Environmental protection is not just an issue for oil related developers who would have to adhere to high environmental standards and efficient waste management" Our waste management, as alluded to in my comment on capital projects, would not stand up to proper scrutiny. We also need to take a critical look at many of our activities. The lack of coherent management of public land like Stanley Common and in particular Cape Pembroke leaves us open to justifiable criticism. This land belongs to all of us so we share responsibility to care for it and pass it unspoiled to new generations.

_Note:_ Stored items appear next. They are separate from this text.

Lemma lipschitz_graph_height (D : VSet (S n)) x y h :
  lipschitz_graph D -> D x -> D y -> 0 < h ->
  (forall j, Rabs (base y j - base x j) <= h) -> Rabs (height y - height x) < h.
Proof.
  intros HD Hx Hy Hh Hb. apply Rabs_def1.
  - exact (HD x y h Hx Hy Hh Hb).
  - enough (height x - height y < h) by lra.
    apply (HD y x h Hy Hx Hh). intro j. rewrite Rabs_minus_sym. apply Hb.
Qed.

(* If [y] were at least [h] higher than [x] above nearly the same base point, a cube of
   radius [s = height y - height x] around [y - x] would fit in the cube of radius [2 s]
   around [s p], and [y] would be interior. *)
Lemma boundary_lipschitz_graph (C U : VSet (S n)) :
  is_cone C -> cone_stable C U -> cube_in C p 2 -> lipschitz_graph (boundary U).
Proof.
  intros Hc HU Hp x y h [Hx _] [_ Hy] Hh Hbase.
  apply Rnot_le_lt. intro Hst. set (s := height y - height x) in *.
  assert (Hoff : forall i, Rabs (offset y i - offset x i) <= h).
  { apply fin_cases; [rewrite !offset_F1, Rminus_0_r, Rabs_R0; lra | exact Hbase]. }
  apply Hy. replace y with (vadd x (fun i => y i - x i))
    by (apply vec_ext; intro; unfold vadd; ring).
  apply (interior_add_cube C U x _ s); auto; [|lra].
  intros u Hu. apply (cube_in_scale C p 2 s Hc Hp ltac:(lra)). intro i.
  specialize (Hu i). specialize (Hoff i). unfold vscale.
  replace (u i - s * p i) with ((u i - (y i - x i)) + (offset y i - offset x i))
    by (unfold offset, s; ring).
  eapply Rle_lt_trans; [apply Rabs_triang | lra].
Qed.

Definition slab_box (T h : R) (lo hi : Vec (S n)) : option (Vec (S n) * Vec (S n)) :=
  Some ((fun i => T * p i - h * Rabs (p i) + lo i), (fun i => T * p i + h * Rabs (p i) + hi i)).

Lemma box_mem_slab_box x T h lo hi :
  Rabs (height x - T) <= h -> (forall i, lo i <= offset x i <= hi i) ->
  box_mem (slab_box T h lo hi) x.
Proof.
  intros HT Hoff i. specialize (Hoff i). unfold offset in Hoff.
  assert (Hpi : Rabs (height x * p i - T * p i) <= h * Rabs (p i)).
  { rewrite <- Rmult_minus_distr_r, Rabs_mult.
    apply Rmult_le_compat_r; [apply Rabs_pos | exact HT]. }
  destruct (Rabs_le_inv _ _ Hpi). simpl. lra.
Qed.

Lemma box_vol_slab_box T h lo hi : 0 <= h -> (forall i, hi i - lo i <= h) ->
  box_vol (slab_box T h lo hi) <= h ^ S n * prodFin (S n) (fun i => 2 * Rabs (p i) + 1).
Proof.
  intros Hh Hw. apply prodFin_le_scaled; [exact Hh|]. intro i.
  pose proof (Hw i). pose proof (Rabs_pos (p i)).
  split; [apply Rmax_l|]. apply Rmax_lub; [nra | lra].
Qed.

(* Corner of the grid cell with index [a] and mesh [h] in the window [[-r, r]^n];
   the first coordinate, where offsets vanish, is fixed to [0]. *)
Definition cell_corner (r h : R) (a : Fin.t n -> nat) (i : Fin.t (S n)) : R :=
  Fin.caseS' i (fun _ => R) 0 (fun j => - r + INR (a j) * h).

FIG departments including PWO, Mineral Resources, Education and Medical will be stretched to meet extra demand and the next Assembly will have to address this urgently if services are not to suffer. Education is making good progress but the UK system into which our students go for further and higher studies is failing in some areas and should be used selectively. I watch developments there with great interest because we want our young people to gain qualifications that mean something. Every time we increase the range of courses available to cover all abilities we increase staff and accommodation requirements but cannot afford not to do so.
The immigration review consultation results will be reported to the new Assembly and they will have to carefully scrutinise those recommendations before any are implemented. I want to see any new legislation include the requirement for stringent checks on all aspects of it, for example decent wages and accommodation. Related to this the minimum wage legislation is due to come into effect in December and I want to see an early review to ensure that it is set at a realistic figure. Some work is under way to calculate a living wage and I would expect that to influence the process.
I maintain a keen interest in all aspects of government and if elected will have an open mind regarding portfolios until all new members have had a chance to discuss them. I make no rash promises but if elected undertake to work hard and listen to the electorate taking account of views expressed when making decisions- Although of pensionable age I believe if elected I am able to represent Islanders of all ages and I am happy to hear from anyone who has questions or views they wish to put to me. My phone number is 2L372 and if at home I always answer calls, if I am not home leave a message and I will get back to you.
Alternatively e-mail me email@example.com
Thank you for taking time to listen to this. Please use at least some of your votes on the 7h of November to demonstrate our lively democracy.